Final answer:
To compute the GCD and LCM of two integers A and B in Linux, you can write a Bash script with functions for GCD and LCM. The script reads the input numbers, calculates the GCD using recursion, and then finds the LCM using the GCD.
Step-by-step explanation:
The script to compute the Greatest Common Divisor (GCD) and Lowest Common Multiple (LCM) of two integer numbers A and B in Linux is as follows:
#!/bin/bash
# Function to compute GCD
gcd() {
if [ $2 -eq 0 ]; then
echo $1
else
gcd $2 $(($1 % $2))
fi
}
# Function to compute LCM
lcm() {
echo $(( $1 * $2 / $(gcd $1 $2) ))
}
# Read two integer numbers
read -p "Enter the first number (A): " a
read -p "Enter the second number (B): " b
# Compute GCD
GCD_RESULT=$(gcd $a $b)
echo "The GCD of $a and $b is: $GCD_RESULT"
# Compute LCM
LCM_RESULT=$(lcm $a $b)
echo "The LCM of $a and $b is: $LCM_RESULT"

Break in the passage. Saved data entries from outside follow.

(* Let $1<p<\infty$. The sequence space $h_p$, with norm $\|x\|_{h_p}=\big(\sum_{k=1}^\infty|k\,\Delta x_k|^p\big)^{1/p}$, has the $AD$ property, i.e. the set $\phi$ of finitely nonzero sequences is dense in $h_p$.
   Context: Sequences are complex sequences $x=(x_k)_{k\ge1}$, and $\Delta x_k=x_k-x_{k+1}$. For $1<p<\infty$, $$h_p=\Big\{x:\ \sum_{k=1}^{\infty}(k|\Delta x_k|)^p<\infty,\ \lim_k x_k=0\Big\}.$$ $\phi$ denotes the set of all sequences with only finitely many nonzero terms. *)

From Stdlib Require Import Reals.
From Coquelicot Require Import Coquelicot.
Open Scope R_scope.

(* Sequences x = (x_k)_{k>=1} are represented as x : nat -> C; the value
   x 0 is a junk entry that is never used (all indices below are k >= 1). *)

(* a^q for a >= 0, with the convention 0^q = 0 (q > 0). *)
Definition rpow (a q : R) : R := if Rlt_dec 0 a then Rpower a q else 0.

Definition Delta (x : nat -> C) (k : nat) : C := (x k - x (S k))%C.

(* the n-th term (n >= 0) of sum_{k>=1} (k |Delta x_k|)^p, with k = n+1 *)
Definition hp_term (p : R) (x : nat -> C) (n : nat) : R :=
  rpow (INR (S n) * Cmod (Delta x (S n))) p.

Definition in_hp (p : R) (x : nat -> C) : Prop :=
  ex_series (hp_term p x) /\ is_lim_seq (fun k => Cmod (x k)) 0.

Definition hp_norm (p : R) (x : nat -> C) : R :=
  rpow (Series (hp_term p x)) (1 / p).

Definition in_phi (y : nat -> C) : Prop :=
  exists N : nat, forall k : nat, (N <= k)%nat -> y k = 0%C.

Definition seq_sub (x y : nat -> C) : nat -> C := fun k => (x k - y k)%C.

From Pilot Require Import Defs.
From Stdlib Require Import Reals Lra Lia.
From Coquelicot Require Import Coquelicot.
Open Scope R_scope.

(* Cutting [x] off at [N] and subtracting the constant [x_N] gives the element
   [y] of phi with [(x - y)_k = x_(max k N)].  Then [Delta (x - y)] vanishes
   below [N] and agrees with [Delta x] from [N] on, so [||x - y||^p] is the
   tail [sum_(k >= N) (k |Delta x_k|)^p] of a convergent series, hence small. *)

Lemma rpow_0 (q : R) : rpow 0 q = 0.
Proof. unfold rpow; destruct (Rlt_dec 0 0); [lra | reflexivity]. Qed.

Lemma rpow_lt_Rpower_inv (s a q : R) :
  0 < a -> 0 < q -> s < Rpower a q -> rpow s (1 / q) < a.
Proof.
  intros Ha Hq Hs; unfold rpow.
  destruct (Rlt_dec 0 s) as [Hs0 | _]; [| exact Ha].
  assert (Hroot : Rpower (Rpower a q) (1 / q) = a).
  { rewrite Rpower_mult; replace (q * (1 / q)) with 1 by (field; lra).
    apply Rpower_1, Ha. }
  rewrite <- Hroot; apply Rlt_Rpower_l; [apply Rdiv_lt_0_compat |]; lra.
Qed.

Lemma ex_series_eventually_0 (a : nat -> R) (N : nat) :
  (forall n, (N <= n)%nat -> a n = 0) -> ex_series a.
Proof.
  intros Ha; apply (ex_series_incr_n a N).
  exists 0; apply (filterlim_ext (fun _ => 0)); [| apply filterlim_const].
  intros n; rewrite (sum_n_ext _ (fun _ => 0)), sum_n_const; [ring |].
  intros k; apply Ha; lia.
Qed.

Lemma Series_prefix_0 (a : nat -> R) (M : nat) :
  (forall n, (n < M)%nat -> a n = 0) -> ex_series a ->
  Series a = Series (fun k => a (M + k)%nat).
Proof.
  intros Ha Hex; destruct M as [| M0].
  - reflexivity.
  - rewrite (Series_incr_n a (S M0)) by (lia || exact Hex).
    assert (Hsum : forall m, (m <= M0)%nat -> sum_f_R0 a m = 0).
    { induction m as [| m IH]; intros Hm; simpl.
      - apply Ha; lia.
      - rewrite IH, Ha by lia; ring. }
    rewrite Hsum by (simpl; lia); ring.
Qed.

Lemma Series_tail_lt (a : nat -> R) (e : R) :
  ex_series a -> 0 < e -> exists M, Series (fun k => a (S M + k)%nat) < e.
Proof.
  intros Hex He.
  destruct (proj1 (is_series_Reals a (Series a)) (Series_correct a Hex) e He)
    as [M HM].
  exists M; specialize (HM M (le_n _)); unfold R_dist in HM.
  rewrite (Series_incr_n a (S M)) in HM; [| lia | exact Hex].
  apply Rabs_def2 in HM; cbn [Init.Nat.pred] in HM; lra.
Qed.

Definition truncation (N : nat) (x : nat -> C) : nat -> C :=
  fun k => if (k <? N)%nat then (x k - x N)%C else 0%C.

Lemma in_phi_truncation (N : nat) (x : nat -> C) : in_phi (truncation N x).
Proof.
  exists N; intros k Hk; unfold truncation.
  destruct (Nat.ltb_spec k N); [lia | reflexivity].
Qed.

Lemma seq_sub_truncation (N : nat) (x : nat -> C) (k : nat) :
  seq_sub x (truncation N x) k = x (Nat.max k N).
Proof.
  unfold seq_sub, truncation.
  destruct (Nat.ltb_spec k N).
  - rewrite Nat.max_r by lia; ring.
  - rewrite Nat.max_l by lia; ring.
Qed.

Lemma Delta_seq_sub_truncation (N : nat) (x : nat -> C) (k : nat) :
  Defs.Delta (seq_sub x (truncation N x)) k =
  if (N <=? k)%nat then Defs.Delta x k else 0%C.
Proof.
  unfold Defs.Delta; rewrite !seq_sub_truncation.
  destruct (Nat.leb_spec N k).
  - rewrite !Nat.max_l by lia; reflexivity.
  - rewrite !Nat.max_r by lia; ring.
Qed.

Lemma hp_term_sub_truncation (p : R) (x : nat -> C) (M n : nat) :
  hp_term p (seq_sub x (truncation (S M) x)) n =
  if (M <=? n)%nat then hp_term p x n else 0.
Proof.
  unfold hp_term; rewrite Delta_seq_sub_truncation.
  destruct (Nat.leb_spec (S M) (S n)), (Nat.leb_spec M n); try lia.
  - reflexivity.
  - rewrite Cmod_0, Rmult_0_r; apply rpow_0.
Qed.

Lemma hp_term_sub_truncation_prefix (p : R) (x : nat -> C) (M n : nat) :
  (n < M)%nat -> hp_term p (seq_sub x (truncation (S M) x)) n = 0.
Proof.
  intros Hn; rewrite hp_term_sub_truncation.
  destruct (Nat.leb_spec M n); [lia | reflexivity].
Qed.

Lemma hp_term_sub_truncation_tail (p : R) (x : nat -> C) (M k : nat) :
  hp_term p (seq_sub x (truncation (S M) x)) (M + k)%nat = hp_term p x (M + k)%nat.
Proof.
  rewrite hp_term_sub_truncation.
  destruct (Nat.leb_spec M (M + k)); [reflexivity | lia].
Qed.

Lemma Series_hp_term_sub_truncation (p : R) (x : nat -> C) (M : nat) :
  ex_series (hp_term p x) ->
  Series (hp_term p (seq_sub x (truncation (S M) x))) =
  Series (fun k => hp_term p x (M + k)%nat).
Proof.
  intros Hex.
  rewrite (Series_prefix_0 _ M).
  - apply Series_ext; intros k; apply hp_term_sub_truncation_tail.
  - intros n; apply hp_term_sub_truncation_prefix.
  - apply (ex_series_incr_n _ M), (ex_series_ext (fun k => hp_term p x (M + k)%nat)).
    + intros k; symmetry; apply hp_term_sub_truncation_tail.
    + now apply ex_series_incr_n.
Qed.

Lemma in_phi_in_hp (p : R) (y : nat -> C) : in_phi y -> in_hp p y.
Proof.
  intros [N HN]; split.
  - apply (ex_series_eventually_0 _ N); intros n Hn; unfold hp_term, Defs.Delta.
    rewrite (HN (S n)), (HN (S (S n))) by lia.
    replace (Cmod _) with 0 by (rewrite <- Cmod_0; f_equal; ring).
    rewrite Rmult_0_r; apply rpow_0.
  - apply (is_lim_seq_incr_n _ N).
    apply (is_lim_seq_ext (fun _ => 0)); [| apply is_lim_seq_const].
    intros n; rewrite (HN (n + N)%nat) by lia; now rewrite Cmod_0.
Qed.

Theorem corollary2p4 (p : R) (hp1 : 1 < p) :
  (forall y : nat -> C, in_phi y -> in_hp p y) /\
  (forall x : nat -> C, in_hp p x ->
     forall eps : R, 0 < eps ->
       exists y : nat -> C, in_phi y /\ hp_norm p (seq_sub x y) < eps).
Proof.
  split; [intros y; apply in_phi_in_hp |].
  intros x [Hex _] eps Heps.
  destruct (Series_tail_lt _ (Rpower eps p) Hex (exp_pos _)) as [M HM].
  exists (truncation (S (S M)) x); split; [apply in_phi_truncation |].
  unfold hp_norm; rewrite Series_hp_term_sub_truncation by exact Hex.
  apply rpow_lt_Rpower_inv; lra.
Qed.
Section alm_player.
Context {R : realType} {n N : nat} {blk : 'I_n -> 'I_N} {nu : 'I_N} {m p : nat}.
Context {theta : 'rV[R]_n -> R} {g : 'I_m -> 'rV[R]_n -> R} {h : 'I_p -> 'rV[R]_n -> R}.
Hypotheses (theta_C1 : C1 theta) (g_C1 : forall j, C1 (g j)) (h_C1 : forall j, C1 (h j)).
Context {tau gamma : R} {umax : 'I_m -> R}.
Hypotheses (tau_bnd : 0 < tau < 1) (gamma_gt1 : 1 < gamma) (umax_ge0 : forall j, 0 <= umax j).
Context {x : nat -> 'rV[R]_n} {lam u : nat -> 'I_m -> R} {mu : nat -> 'I_p -> R}.
Context {rho eps eps' : nat -> R} {B : R}.
Hypotheses (rho0_gt0 : 0 < rho 0%N) (eps_le : forall k, eps k <= B).
Hypothesis eps'_cvg0 : eps' @ \oo --> (0 : R).

Local Notation hcomb b z i := (\sum_(j < p) b j * pd (h j) z i).
Local Notation residual k :=
  (enorm (fun j : 'I_m => Num.min (- g j (x k)) (lam k j))).

Hypothesis grad_le : forall k i, blk i = nu ->
  `|pd (La theta g (u k) (rho k)) (x k.+1) i + hcomb (mu k.+1) (x k.+1) i| <= eps k.
Hypothesis compl_le : forall k,
  enorm (fun j : 'I_p => Num.min (- h j (x k.+1)) (mu k.+1 j)) <= eps' k.
Hypothesis lam_def : forall k j, lam k.+1 j = Num.max 0 (u k j + rho k * g j (x k.+1)).
Hypothesis rho_def : forall k,
  rho k.+1 = if residual k.+1 <= tau * residual k then rho k else gamma * rho k.
Hypothesis u_def : forall k j, u k.+1 j = Num.min (lam k.+1 j) (umax j).

Local Notation residual_contracts :=
  (exists K, forall k, (K <= k)%N -> residual k.+1 <= tau * residual k).

Context {xbar : 'rV[R]_n} {U : set_system nat}.
Hypotheses (U_ultra : UltraFilter U) (U_oo : (\oo : set_system nat) `<=` U).
Hypothesis x_cvg : (fun k => x k.+1) @ U --> xbar.
Hypothesis cpld : CPLD blk nu h xbar.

First, call the script GCD_LCM.sh. To execute the script, you might need to give it execution permissions with the command chmod +x GCD_LCM.sh and then run it using ./GCD_LCM.sh. The script defines two functions gcd() for computing the Greatest Common Divisor and lcm() for computing the Lowest Common Multiple. It then prompts the user to input two integer numbers A and B, computes the GCD by recursively calling the gcd() function, and calculates the LCM based on the GCD and the input numbers.